* Prompt
Search the material for "congr" and show all lines that contain it.

(Beginning of Records shown)

Lemma spt_code_bound j (b : bool) w (s : 'I_N) (S : {set 'I_N}) :
  0 < j -> (s, S) \in spt_code j b w -> [/\ j <= w, s < w & {in S, forall i : 'I_N, i < w}].
Proof.
move=> j_gt0 /spt_codeP [<- _ _]; split.
- by apply: leq_trans (leq_addr _ _); rewrite leq_pmull.
- by apply: leq_trans (leq_addr _ _); rewrite leq_pmulr.
- by move=> i /part_le_sum/leq_trans; apply; rewrite leq_addl.
Qed.

Lemma spt_code0 j b : 0 < j -> spt_code j b 0 = set0.
Proof.
move=> j_gt0; apply/setP => -[s S]; rewrite in_set0.
by apply/negP => /(spt_code_bound j_gt0) [].
Qed.

Lemma mem_spt_code_shift j b w (s t a : 'I_N) (S : {set 'I_N}) :
  t = s.+2 :> nat -> a = s.+1 :> nat -> a \notin S ->
  ((t, S) \in spt_code j b (w + j.*2)) = ((s, S) \in spt_code j b w).
Proof.
move=> t_eq a_eq aNS; rewrite !inE /= t_eq.
have -> : s.+3 * j + \sum_(i in S) i.+1 = (s.+1 * j + \sum_(i in S) i.+1) + j.*2.
  by rewrite !mulSn -addnn; lia.
rewrite eqn_add2r; congr [&& _, _ & _]; apply: eq_forallb_in => i iS.
apply: opposite_parity_gt_shift2; apply: contraNneq aNS => i_eq.
by have -> : a = i by apply: val_inj; rewrite /= a_eq i_eq.
Qed.

Lemma mem_spt_code_shift_add j b w (s t a : 'I_N) (S : {set 'I_N}) :
  t = s.+2 :> nat -> a = s.+1 :> nat -> a \notin S ->
  ((t, S) \in spt_code j.+1 b (w + j.*2).+1) = ((s, a |: S) \in spt_code j (~~ b) w).
Proof.
move=> t_eq a_eq aNS.
rewrite !inE /= t_eq big_setU1 //= cardsU1 aNS add1n /= (can_eq negbK).
have -> : s.+3 * j.+1 + \sum_(i in S) i.+1
          = (s.+1 * j + (a.+1 + \sum_(i in S) i.+1)) + j.*2 + 1.
  by rewrite a_eq !mulSn !mulnS -addnn; lia.
rewrite addn1 eqSS eqn_add2r; congr [&& _, _ & _].
have above_S i : i \in S -> i != s.+1 :> nat.
  by apply: contraTneq => i_eq; have -> : i = a by apply: val_inj; rewrite /= a_eq i_eq.
apply/forall_inP/forall_inP => [above i | above i iS].
  case/setU1P => [-> | iS]; first by rewrite a_eq ltnSn /=; case: (odd s).
  by rewrite -opposite_parity_gt_shift2 ?above_S ?above.
by rewrite opposite_parity_gt_shift2 ?above_S // above // setU1r.
Qed.
(* Let $n\ge1$, let $\mathcal{Q}\subseteq H^2(\mathbb{T}^n)$ be a quotient module and $\theta_{\mathcal{Q}}=P_{\mathcal{Q}}1$. If $\theta_{\mathcal{Q}}\in H^\infty(\mathbb{D}^n)$, then $S_{\theta_{\mathcal{Q}}}=P_{\mathcal{Q}}T_{\theta_{\mathcal{Q}}}|_{\mathcal{Q}}=I_{\mathcal{Q}}$.
   Context: $H^2(\mathbb{T}^n)$ is the Hardy space of the polydisc $\mathbb{D}^n$; $T_\varphi f=\varphi f$ for $\varphi\in H^\infty(\mathbb{D}^n)$, $T_{z_i}$ multiplication by $z_i$. A closed subspace $\mathcal{Q}$ is a quotient module if $T_{z_i}^*\mathcal{Q}\subseteq\mathcal{Q}$ for all $i$; $P_{\mathcal{Q}}$ is the orthogonal projection onto $\mathcal{Q}$. *)

From mathcomp Require Import all_boot all_algebra all_classical all_reals all_analysis complex.
Import GRing.Theory Num.Theory numFieldNormedType.Exports.
Set Implicit Arguments. Unset Strict Implicit. Unset Printing Implicit Defensive.
Local Open Scope classical_set_scope.
Local Open Scope ring_scope.

(* Elements of H^2(T^n) are represented by their Taylor coefficient families
   f : {ffun 'I_n -> nat} -> R[i]  (f a = coefficient of z^a), subject to
   square summability (inH2). *)
Definition mi (n : nat) := {ffun 'I_n -> nat}.

Section Hardy.
Variables (R : realType) (n : nat).
Local Notation C := (R[i]).
Local Notation ser := (mi n -> C).

Definition sqmod (z : C) : R := complex.Re z ^+ 2 + complex.Im z ^+ 2.

Definition mi_of (N : nat) (a : {ffun 'I_n -> 'I_N}) : mi n :=
  [ffun i => nat_of_ord (a i)].

Definition bsum (N : nat) (F : mi n -> C) : C :=
  \sum_(a : {ffun 'I_n -> 'I_N}) F (mi_of a).
Definition bsumR (N : nat) (F : mi n -> R) : R :=
  \sum_(a : {ffun 'I_n -> 'I_N}) F (mi_of a).

Definition cvgC (u : nat -> C) (l : C) : Prop :=
  ((fun k => complex.Re (u k)) @ \oo --> complex.Re l) /\
  ((fun k => complex.Im (u k)) @ \oo --> complex.Im l).

Definition inH2 (f : ser) : Prop :=
  exists M : R, forall N, bsumR N (fun a => sqmod (f a)) <= M.

Definition inner (f g : ser) (c : C) : Prop :=
  cvgC (fun N => bsum N (fun a => f a * conjc (g a))) c.

Definition cvgH2 (u : nat -> ser) (f : ser) : Prop :=
  forall e : R, 0 < e -> exists K : nat, forall k, (K <= k)%N ->
    forall N, bsumR N (fun a => sqmod (u k a - f a)) <= e.

(* product of power series (Cauchy product) : coefficients of phi * f *)
Definition mbound (c : mi n) : nat := \max_(i < n) c i.
Definition smul (phi f : ser) : ser := fun c =>
  \sum_(a : {ffun 'I_n -> 'I_(mbound c).+1} | [forall i, (a i <= c i)%N])
     phi (mi_of a) * f [ffun i => (c i - a i)%N].

Definition hone : ser := fun a => if a == [ffun => 0%N] then 1 else 0.
Definition zcoord (i : 'I_n) : ser :=
  fun a => if a == [ffun j => nat_of_bool (j == i)] then 1 else 0.

Definition Tz (i : 'I_n) (h : ser) : ser := smul (zcoord i) h.

Definition closed_subspace (Q : set ser) : Prop :=
  [/\ forall f, Q f -> inH2 f,
      Q (fun _ => 0),
      forall f g, Q f -> Q g -> Q (fun a => f a + g a),
      forall (c : C) f, Q f -> Q (fun a => c * f a) &
      forall (u : nat -> ser) f, (forall k, Q (u k)) -> inH2 f -> cvgH2 u f -> Q f].

(* Q is a quotient module: closed subspace with T_{z_i}^* Q \subseteq Q;
   "T_{z_i}^* f = g" means <T_{z_i} h, f> = <h, g> for all h in H^2. *)
Definition quotient_module (Q : set ser) : Prop :=
  closed_subspace Q /\
  forall (i : 'I_n) f, Q f -> exists g, Q g /\
    forall h, inH2 h -> exists c, inner (Tz i h) f c /\ inner h g c.

Definition is_proj (Q : set ser) (x y : ser) : Prop :=
  Q y /\ forall h, Q h -> inner (fun a => x a - y a) h 0.

Definition polydisc (z : 'I_n -> C) : Prop := forall i, sqmod (z i) < 1.

Definition heval (f : ser) (z : 'I_n -> C) (v : C) : Prop :=
  cvgC (fun N => bsum N (fun a => f a * \prod_(i < n) z i ^+ a i)) v.

Definition inHinf (f : ser) : Prop :=
  exists M : R, forall z, polydisc z -> exists v, heval f z v /\ sqmod v <= M.

End Hardy.

From mathcomp Require Import all_boot all_algebra all_classical all_reals all_analysis complex.
From mathcomp Require Import separable cyclic cyclotomic.
From mathcomp Require Import ring lra order zify.
Import Order.TTheory GRing.Theory Num.Theory numFieldNormedType.Exports.
Set Implicit Arguments. Unset Strict Implicit. Unset Printing Implicit Defensive.
Local Open Scope classical_set_scope.
Local Open Scope ring_scope.
Local Open Scope complex_scope.
Import Normc.

(* Since [theta = P_Q 1], the series [theta - 1] is orthogonal to [Q]; as [Q]
   is co-invariant, the orthogonal complement of [Q] is invariant under every
   [T_{z_i}], so [z^b (theta - 1)] is orthogonal to [Q] for every multi-index
   [b].  Hence [theta p - p] is orthogonal to [Q] for every polynomial [p], in
   particular for the truncations [f_K] of [f] in [Q].  Boundedness of [theta]
   on the polydisc makes multiplication by [theta] bounded on [H^2]
   ([|theta g|^2 <= M |g|^2]), so [theta f_K - f_K] tends to [theta f - f],
   which is therefore orthogonal to [Q]: this says [P_Q (theta f) = f].
   The multiplier bound is proved by sampling [theta] and [g] on the grid
   [r w^j] of dilated [N]-th roots of unity, where a discrete Parseval
   identity holds up to aliasing; the aliasing error vanishes as [N] grows,
   and the dilation factor tends to [1] as [r] does. *)

Section MultiIndex.
Variable n : nat.
Implicit Types (a b c d : mi n).

Definition in_box N d := [forall i, (d i < N)%N].
Definition madd a b : mi n := [ffun i => (a i + b i)%N].
Definition msub c b : mi n := [ffun i => (c i - b i)%N].
Definition mle a b := [forall i, (a i <= b i)%N].
Definition mmod N c : mi n := [ffun i => (c i %% N)%N].
Definition munit (i : 'I_n) : mi n := [ffun j => nat_of_bool (j == i)].

Lemma in_box_mi_of N (a : {ffun 'I_n -> 'I_N}) : in_box N (mi_of a).
Proof. by apply/forallP => i; rewrite ffunE ltn_ord. Qed.

Lemma mi_of_inj N : injective (@mi_of n N).
Proof.
move=> a b /ffunP eq_ab; apply/ffunP => i; apply/val_inj.
by have := eq_ab i; rewrite !ffunE.
Qed.

Lemma in_boxP N d : in_box N d -> {a : {ffun 'I_n -> 'I_N} | mi_of a = d}.
Proof.
by move=> dN; exists [ffun i => Ordinal (forallP dN i)]; apply/ffunP => i; rewrite !ffunE.
Qed.

Lemma in_box_le N K d : (K <= N)%N -> in_box K d -> in_box N d.
Proof. by move=> KN /forallP dK; apply/forallP => i; exact: leq_trans (dK i) KN. Qed.

Lemma in_box_mle N c d : mle d c -> in_box N c -> in_box N d.
Proof.
by move=> /forallP dc /forallP cN; apply/forallP => i; exact: leq_ltn_trans (dc i) (cN i).
Qed.

Lemma in_box_mbound c : in_box (mbound c).+1 c.
Proof. by apply/forallP => i; rewrite ltnS; exact: (leq_bigmax i). Qed.

Lemma in_box_madd L T (a : {ffun 'I_n -> 'I_L}) (b : {ffun 'I_n -> 'I_T}) :
  in_box (L + T) (madd (mi_of a) (mi_of b)).
Proof.
apply/forallP => i; rewrite !ffunE.
by have := ltn_ord (a i); have := ltn_ord (b i); lia.
Qed.

Lemma mmod_id N c : in_box N c -> mmod N c = c.
Proof. by move=> /forallP cN; apply/ffunP => i; rewrite ffunE modn_small. Qed.

Lemma mle_msub c b : mle (msub c b) c.
Proof. by apply/forallP => i; rewrite ffunE leq_subr. Qed.

Lemma madd_eq a b c : (madd a b == c) = mle b c && (a == msub c b).
Proof.
apply/idP/idP => [/eqP <-|/andP [/forallP bc /eqP ->]].
  apply/andP; split; first by apply/forallP => i; rewrite ffunE leq_addl.
  by apply/eqP/ffunP => i; rewrite !ffunE addnK.
by apply/eqP/ffunP => i; rewrite !ffunE subnK.
Qed.

Lemma maddC a b : madd a b = madd b a.
Proof. by apply/ffunP => i; rewrite !ffunE addnC. Qed.

Lemma mle_msub_eq a b c : mle a c && (b == msub c a) = mle b c && (a == msub c b).
Proof. by rewrite -madd_eq maddC madd_eq. Qed.

Lemma mle_msub_eq0 b c : mle b c && (msub c b == [ffun => 0%N]) = (b == c).
Proof.
apply/idP/idP => [/andP [/forallP bc /eqP /ffunP cb0] | /eqP ->].
  apply/eqP/ffunP => i; have := bc i; have := cb0 i; rewrite !ffunE => cb bc_i.
  by apply/eqP; rewrite eqn_leq bc_i -subn_eq0 cb.
apply/andP; split; first by apply/forallP => i.
by apply/eqP/ffunP => i; rewrite !ffunE subnn.
Qed.

Lemma mle_madd a b c : mle (madd a b) c = mle b c && mle a (msub c b).
Proof.
apply/forallP/andP => [abc|[/forallP bc /forallP abc] i].
  by split; apply/forallP => i; have := abc i; rewrite !ffunE; lia.
by have := bc i; have := abc i; rewrite !ffunE; lia.
Qed.

Lemma msub_madd a b c : msub (msub c b) a = msub c (madd a b).
Proof. by apply/ffunP => i; rewrite !ffunE; lia. Qed.

Lemma sum_box_delta (V : nmodType) N d (G : mi n -> V) :
  \sum_(a : {ffun 'I_n -> 'I_N}) (if mi_of a == d then G (mi_of a) else 0)
  = if in_box N d then G d else 0.
Proof.
case: ifP => dN.
  have [a0 <-] := in_boxP dN.
  rewrite (bigD1 a0) //= eqxx big1 ?addr0 // => a a_a0.
  by rewrite (inj_eq (@mi_of_inj N)) (negbTE a_a0).
by apply: big1 => a _; case: eqP => // ad; rewrite -ad in_box_mi_of in dN.
Qed.

Lemma sum_box_supp (V : nmodType) K L (F : mi n -> V) : (K <= L)%N ->
  (forall d, ~~ in_box K d -> F d = 0) ->
  \sum_(a : {ffun 'I_n -> 'I_L}) F (mi_of a) = \sum_(a : {ffun 'I_n -> 'I_K}) F (mi_of a).
Proof.
move=> KL F0.
transitivity (\sum_(a : {ffun 'I_n -> 'I_L}) \sum_(b : {ffun 'I_n -> 'I_K})
   (if mi_of b == mi_of a then F (mi_of b) else 0)).
  by apply: eq_bigr => a _; rewrite sum_box_delta; case: ifP => // aK; rewrite F0 ?aK.
rewrite exchange_big; apply: eq_bigr => b _; under eq_bigr do rewrite eq_sym.
have := sum_box_delta L (mi_of b) (fun _ => F (mi_of b)); rewrite /= => ->.
by rewrite (in_box_le KL) // in_box_mi_of.
Qed.

Lemma ler_sum_box (R : realDomainType) K L (F : mi n -> R) : (K <= L)%N ->
  (forall d, 0 <= F d) ->
  \sum_(a : {ffun 'I_n -> 'I_K}) F (mi_of a) <= \sum_(a : {ffun 'I_n -> 'I_L}) F (mi_of a).
Proof.
move=> KL F_ge0.
have -> : \sum_(a : {ffun 'I_n -> 'I_K}) F (mi_of a) =
    \sum_(a : {ffun 'I_n -> 'I_K}) (if in_box K (mi_of a) then F (mi_of a) else 0).
  by apply: eq_bigr => a _; rewrite in_box_mi_of.
rewrite -(@sum_box_supp _ K L (fun d => if in_box K d then F d else 0)) //; last first.
  by move=> d /negbTE ->.
by apply: ler_sum => a _; case: ifP.
Qed.

End MultiIndex.

Section Shift.
Variables (R : realType) (n : nat).
Local Notation ser := (mi n -> R[i]).

Definition mshift (b : mi n) (s : ser) : ser :=
  fun c => if mle b c then s (msub c b) else 0.
(* Let $P$ be a finite bounded poset (minimum $\hat{0}$, maximum $\hat{1}$) with height function $h$, and let $H$ be the maximal value of $h$. Let $\operatorname{Inc}_q(P,h)$ be the set of matrices $A$ indexed by $P\times P$ with entries in $\mathbb{Z}[q,q^{-1}]$ and $A_{x,y}=0$ unless $x\le y$, with product $A\times_q B=AD_hB$, where $D_h$ is the diagonal matrix with entries $q^{h(x)}$; this is an associative product with unit $D_h^{-1}$. Let $Z$ be the zeta matrix ($Z_{x,y}=1$ if $x\le y$, $0$ otherwise), which is invertible for $\times_q$, and let $Z^{\times_q n}$, $n\in\mathbb{Z}$, be its powers for $\times_q$. Let $\Delta_q$ act on sequences $(a_n)_{n\in\mathbb{Z}}$ by $(\Delta_q a)_n=(a_n-a_{n-1})/q^n$. Then the sequence $(Z^{\times_q n})_{n\in\mathbb{Z}}$ is annihilated by $\Delta_q^{H+1}$, and for every $n\in\mathbb{Z}$, $\mathsf{Z}_{P,h}([n]_q)$ equals the entry of index $(\hat{0},\hat{1})$ of $Z^{\times_q n}$.
   Context: $q$ is an indeterminate; $[n]_q=(q^n-1)/(q-1)$ for $n\in\mathbb{Z}$. A height function on $P$ is $h:P\to\mathbb{N}$ with $h(x)<h(y)$ whenever $y$ covers $x$. The $q$-Zeta polynomial $\mathsf{Z}_{P,h}\in\mathbb{Q}(q)[x]$ is the unique polynomial with $\mathsf{Z}_{P,h}([n]_q)=\sum_{e_1\le\cdots\le e_{n-1}\text{ in }P}q^{h(e_1)+\cdots+h(e_{n-1})}$ for all $n\ge2$ (explicitly $\sum_{k\ge1}\sum_{c_1<\cdots<c_k}q^{\sum h(c_i)}\mathsf{E}_{(h(c_1),\dots,h(c_k))}((x-[k+1]_q)/q^{k+1})$ with $\mathsf{E}_a$ the unique polynomial with $\mathsf{E}_a([m]_q)=\sum_{m'\in\mathbb{N}^k,\sum m'_i=m}q^{\sum a_im'_i}$ for $m\ge0$); its values at other $[n]_q$ are by evaluation. *)

From HB Require Import structures.
From mathcomp Require Import all_boot all_order all_algebra.
Set Implicit Arguments. Unset Strict Implicit. Unset Printing Implicit Defensive.
Import Order.TTheory GRing.Theory Num.Theory.
Local Open Scope ring_scope.

Definition F : fieldType := {fraction {poly rat}}.
Definition q : F := tofrac ('X : {poly rat}).

Definition qint (n : int) : F := (q ^ n - 1) / (q - 1).

Section Poset.
Context {d : Order.disp_t} {P : finPOrderType d}.

Definition covers (x y : P) : bool :=
  ((x < y)%O && [forall z : P, ~~ ((x < z)%O && (z < y)%O)]).

Definition is_height (h : P -> nat) : Prop :=
  forall x y : P, covers x y -> (h x < h y)%N.

Definition Hmax (h : P -> nat) : nat := \max_(x : P) h x.

Definition multichain_sum (h : P -> nat) (k : nat) : F :=
  \sum_(t : k.-tuple P | sorted (fun x y : P => (x <= y)%O) t)
     q ^+ (\sum_(x <- t) h x).

Definition is_qZeta (h : P -> nat) (p : {poly F}) : Prop :=
  forall n : nat, (2 <= n)%N -> p.[qint n] = multichain_sum h n.-1.

(* Matrices indexed by P x P, represented via enum_rank. *)
Notation MP := 'M[F]_#|P|.
Definition idx (x : P) : 'I_#|P| := enum_rank x.

Definition zetaM : MP := \matrix_(i, j) ((enum_val i <= enum_val j)%O)%:R.

Definition diagD (h : P -> nat) : MP := diag_mx (\row_i q ^+ h (enum_val i)).

Definition mulq (h : P -> nat) (A B : MP) : MP := A *m diagD h *m B.
Definition unitq (h : P -> nat) : MP := invmx (diagD h).
Definition invq (h : P -> nat) (A : MP) : MP := unitq h *m invmx A *m unitq h.

Definition powq (h : P -> nat) (A : MP) (n : int) : MP :=
  match n with
  | Posz k => iter k (fun B => mulq h B A) (unitq h)
  | Negz k => iter k.+1 (fun B => mulq h B (invq h A)) (unitq h)
  end.

Definition DeltaQ (a : int -> MP) : int -> MP :=
  fun n => (q ^ n)^-1 *: (a n - a (n - 1)).

End Poset.

(* Put M := D_h Z, so that Z^{x_q n} = D_h^{-1} M^n for every integer n.  The
   matrix M is triangular for the order of P with diagonal entries q^{h(x)}, and
   h increases strictly along the order, so column y of
   (M - q^{k-1}) ... (M - q^0) vanishes as soon as h(y) < k; for k = H + 1 the
   product is 0.  Since Delta_q^k Z^{x_q n} = q^{-nk} Z^{x_q (n-k)} times this
   product, Delta_q^{H+1} kills the sequence.  A scalar sequence killed by
   Delta_q^{H+1} is a combination of the q^{nj}, j <= H, hence a polynomial in
   q^n = (q - 1)[n]_q + 1.  For n >= 1, the (0,1) entry of
   Z^{x_q n} = (Z D_h)^{n-1} Z is the multichain sum, so this polynomial is a
   q-Zeta polynomial, unique because the [n]_q are pairwise distinct. *)

From Pilot Require Import Defs.
From mathcomp Require Import all_boot all_order all_algebra.
From mathcomp Require Import zify ring.
Import Order.TTheory GRing.Theory Num.Theory.
Local Open Scope ring_scope.

Section Height.
Context {d : Order.disp_t} {P : finPOrderType d} {h : P -> nat}.
Hypothesis h_height : is_height h.

Lemma height_homo_lt : {homo h : x y / (x < y)%O >-> (x < y)%N}.
Proof.
move=> x y; have [m] := ubnP #|[set z | (x < z < y)%O]|.
elim: m x y => // m IH x y lt_m lt_xy.
have [|] := boolP (covers x y); first exact: h_height.
rewrite /covers lt_xy /= => /forallPn[z]; rewrite negbK => /andP[lt_xz lt_zy].
have shorter (a b : P) : (x <= a)%O -> (b <= y)%O -> ~~ (a < z < b)%O ->
    (#|[set w | (a < w < b)%O]| < m)%N.
  move=> le_xa le_by z_out; rewrite -ltnS (leq_trans _ lt_m) // ltnS.
  apply: proper_card.
  apply/properP; split; last by exists z; rewrite !inE ?lt_xz ?lt_zy.
  apply/subsetP => w; rewrite !inE => /andP[lt_aw lt_wb].
  by rewrite (le_lt_trans le_xa lt_aw) (lt_le_trans lt_wb le_by).
apply: (@ltn_trans (h z)); apply: IH => //; apply: shorter;
  by rewrite ?lexx ?ltW ?ltxx ?andbF.
Qed.

Lemma le_Hmax x : (h x <= Hmax h)%N.
Proof. exact: leq_bigmax. Qed.

End Height.

Lemma shift_invariant_const (T : Type) (g : int -> T) :
  (forall m, g m = g (m - 1)) -> forall m, g m = g 0.
Proof.
move=> g_shift; case=> k.
  elim: k => [|k IH] //; rewrite g_shift.
  by have -> : Posz k.+1 - 1 = Posz k by lia.
rewrite NegzE; elim: k => [|k IH]; first by rewrite (g_shift 0).
by rewrite -IH (g_shift (- k.+1%:Z)); have -> : - k.+1%:Z - 1 = - k.+2%:Z by lia.
Qed.

Section QDifference.
Context {K : fieldType} (z : K).
Hypotheses (z_neq0 : z != 0) (z_nroot : forall k, z ^+ k.+1 != 1).

Definition qdiff (e : int -> K) (m : int) : K := (z ^ m)^-1 * (e m - e (m - 1)).

Lemma qdiff_eq0_const e : (forall m, qdiff e m = 0) -> forall m, e m = e 0.
Proof.
move=> De0; apply: shift_invariant_const => m; apply/eqP; rewrite -subr_eq0.
by have /eqP := De0 m; rewrite mulf_eq0 invr_eq0 expfz_eq0 (negPf z_neq0) andbF.
Qed.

(End of Records shown)

* Written response
rewrite eqn_add2r; congr [&& _, _ & _]; apply: eq_forallb_in => i iS.
rewrite addn1 eqSS eqn_add2r; congr [&& _, _ & _].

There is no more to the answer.